03 February 2009

missing out on the revolution

I was not there in Budapest
When fire, shots, flags
blew around the stairs of parliament
I heard it in the news
on chat rooms too far away
they were listening in the neighbourhood
I missed the riot
another revolution I'll have to read about
in that news, painted and tainted
but witnessing is a recipe of choice.


When I was 15, I was lucky enough to be welcomed in an east-Berlin soviet flat, to have a conversation about what I had hazardously overheard of as "ostalgie" or the nostalgia for the former life in the East. Up there on this 'shared terrace', where everyone knew each other, where only kids could be heard, where we were served my favorite cherry cake (Kirsch kuchen, a typical cake I used to have in Brandenburg when I lived there) we talked about the woman discovering her Stasi files years after the reunification, about doctors fleeing the economic situation for the comfort of the West. I still ask myself today (reminiscent of the greatness of the Berlin atmosphere) where our understanding should start - what are its boarders?
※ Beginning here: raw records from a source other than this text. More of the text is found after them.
Lemma Ffun_psi_chi c e x : Ffun iota (psi c (chi e x)) = e * c.
Proof. by rewrite Ffun_coord coordY_psi -[coordX _]/(coordX (chi e x)) coordX_chi. Qed.

Lemma regular_mx_eigcol : regular_mx eigcol.
Proof. exact/regular_mx_col/regular_mx_Lmat. Qed.

Lemma regular_mx_eigrow : regular_mx eigrow.
Proof. exact/regular_mx_row/regular_mx_Lmat. Qed.

Lemma regular_coordX : regular coordX.
Proof. exact: (regular_mx_mul regular_mx_pj regular_mx_eigcol 0 0). Qed.

Lemma regular_coordY : regular coordY.
Proof. exact: (regular_mx_mul regular_mx_eigrow regular_mx_pi 0 0). Qed.

Lemma regular_psi c f : regular f -> regular (fun x => f (psi c x)).
Proof.
apply: regular_comp => //; last exact: regular_mx_pj.
apply: regular_mx_add; first exact: regular_mx_pi.
apply: regular_mx_scale; last exact: regular_mx_eigcol.
by apply: regular_add; [apply: regular_const|apply/regular_opp/regular_coordY].
Qed.

Lemma regular_chi e f : regular f -> regular (fun x => f (chi e x)).
Proof.
apply: regular_comp => //; first exact: regular_mx_pi.
apply: regular_mx_add; first exact: regular_mx_pj.
apply: regular_mx_scale; last exact: regular_mx_eigrow.
by apply: regular_add; [apply: regular_const|apply/regular_opp/regular_coordX].
Qed.

Lemma poly_along_psi f : regular f -> poly_along psi f.
Proof.
apply: (@poly_along_regular _ _ psi (fun x => pi x - coordY x *: eigcol x) eigcol
  (fun x => pj x) (fun=> 0)) => // t x; last by rewrite scaler0 addr0.
by rewrite /= scalerBl addrA addrAC.
Qed.

Lemma poly_along_chi f : regular f -> poly_along chi f.
Proof.
apply: (@poly_along_regular _ _ chi (fun x => pi x) (fun=> 0)
  (fun x => pj x - coordX x *: eigrow x) eigrow) => // t x; first by rewrite scaler0 addr0.
by rewrite /= scalerBl addrA addrAC.
Qed.

Lemma in_ideal_psi_chi g c e :
  in_ideal iota (fun x => g x * Ffun iota x) -> c != 0 -> e != 0 ->
  in_ideal iota (fun x => g (psi c (chi e x))).
Proof.
move=> [a [ra gFE]] c0 e0.
exists (fun l x => (e * c)^-1 * a l (psi c (chi e x))); split.
  move=> l; apply: regular_mul; first exact: regular_const.
  by apply: (regular_chi e (f := fun y => a l (psi c y))); apply: regular_psi.
move=> x; have := gFE (psi c (chi e x)); rewrite Ffun_psi_chi => gE.
rewrite -[g _](mulfK (mulf_neq0 e0 c0)) gE mulr_suml; apply: eq_bigr => l lt_l_iota.
have l_iota : l != iota by apply: contraTneq lt_l_iota => ->; rewrite ltnn.
by rewrite Ffun_psi // Ffun_chi // mulrC mulrA.
Qed.

Lemma in_ideal_cancel_Ffun g : regular g ->
  in_ideal iota (fun x => g x * Ffun iota x) -> in_ideal iota g.
Proof.
move=> rg gF_ideal.
apply: (in_ideal_interp (poly_along_psi rg) regular_coordY psi_coordY) => c c0.
apply: (in_ideal_interp (poly_along_chi (regular_psi c rg)) regular_coordX chi_coordX).
by move=> e e0; apply: in_ideal_psi_chi.
Qed.
End Eigencoordinates.

Theorem mainTheorem14 (R : realType) (n : nat) : regular_sequence_F R n.
Proof.
split; last exact: one_notin_ideal.
case: n => [|m] iota; first by case: iota.
exact: in_ideal_cancel_Ffun.
Qed.
(* Let $S$ be a finite set of red and blue points in the plane in general position, containing at least one point of each color, and let $T$ be a minimum bichromatic spanning tree of $S$. Let $e_1$ and $e_2$ be two edges of $T$ that cross each other, and let $\pi(e_1,e_2)$ denote the unique shortest path in $T$ that contains exactly one endpoint of $e_1$ and exactly one endpoint of $e_2$ (i.e., the path in $T$ joining the endpoint of $e_1$ closest to $e_2$ with the endpoint of $e_2$ closest to $e_1$). Then the two endpoints of $\pi(e_1,e_2)$ have different colors.
   Context: A set of points is in general position if no three of them are collinear. A bichromatic spanning tree of a set $S$ of red and blue points is a spanning tree on vertex set $S$, drawn with straight-line segment edges, in which every edge has one red and one blue endpoint. A minimum bichromatic spanning tree (MinBST) is a bichromatic spanning tree of minimum total Euclidean edge length. Two edges (segments) cross if they share a point that is interior to both segments. *)

From HB Require Import structures.
From mathcomp Require Import all_boot all_order all_algebra.
From mathcomp Require Import reals.
Set Implicit Arguments. Unset Strict Implicit. Unset Printing Implicit Defensive.
Import Order.TTheory GRing.Theory Num.Theory.
Local Open Scope ring_scope.

Section Geom.
Variable R : realType.
Definition point := (R * R)%type.

Definition dist (a b : point) : R :=
  Num.sqrt ((a.1 - b.1) ^+ 2 + (a.2 - b.2) ^+ 2).

Definition collinear (a b c : point) : Prop :=
  (b.1 - a.1) * (c.2 - a.2) - (b.2 - a.2) * (c.1 - a.1) = 0.

Definition seg_cross (a b c d : point) : Prop :=
  exists t s : R, [/\ 0 < t < 1, 0 < s < 1,
    a.1 + t * (b.1 - a.1) = c.1 + s * (d.1 - c.1) &
    a.2 + t * (b.2 - a.2) = c.2 + s * (d.2 - c.2)].
End Geom.

Section Graphs.
Variable V : finType.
The boarders of historical definitions, political necessity and phenomenons of communication - the power of being represented - is an important limitation to criticize and use at the same time. Many people did not have a balcony nor a city nor a job to reflect from on this transition. Many continue today to exchange vegetables, wine, meat and other home-made glories. Many did not have that screen, they heard it through their neighbours at the market. Reminiscence and every-day lives may continue with that particular feeling that they are unaffected by the landscapes and seas of policy.
Sociological and anthropological perspectives that emerge need insights from elsewhere, participation within and without such boarders of history and representation..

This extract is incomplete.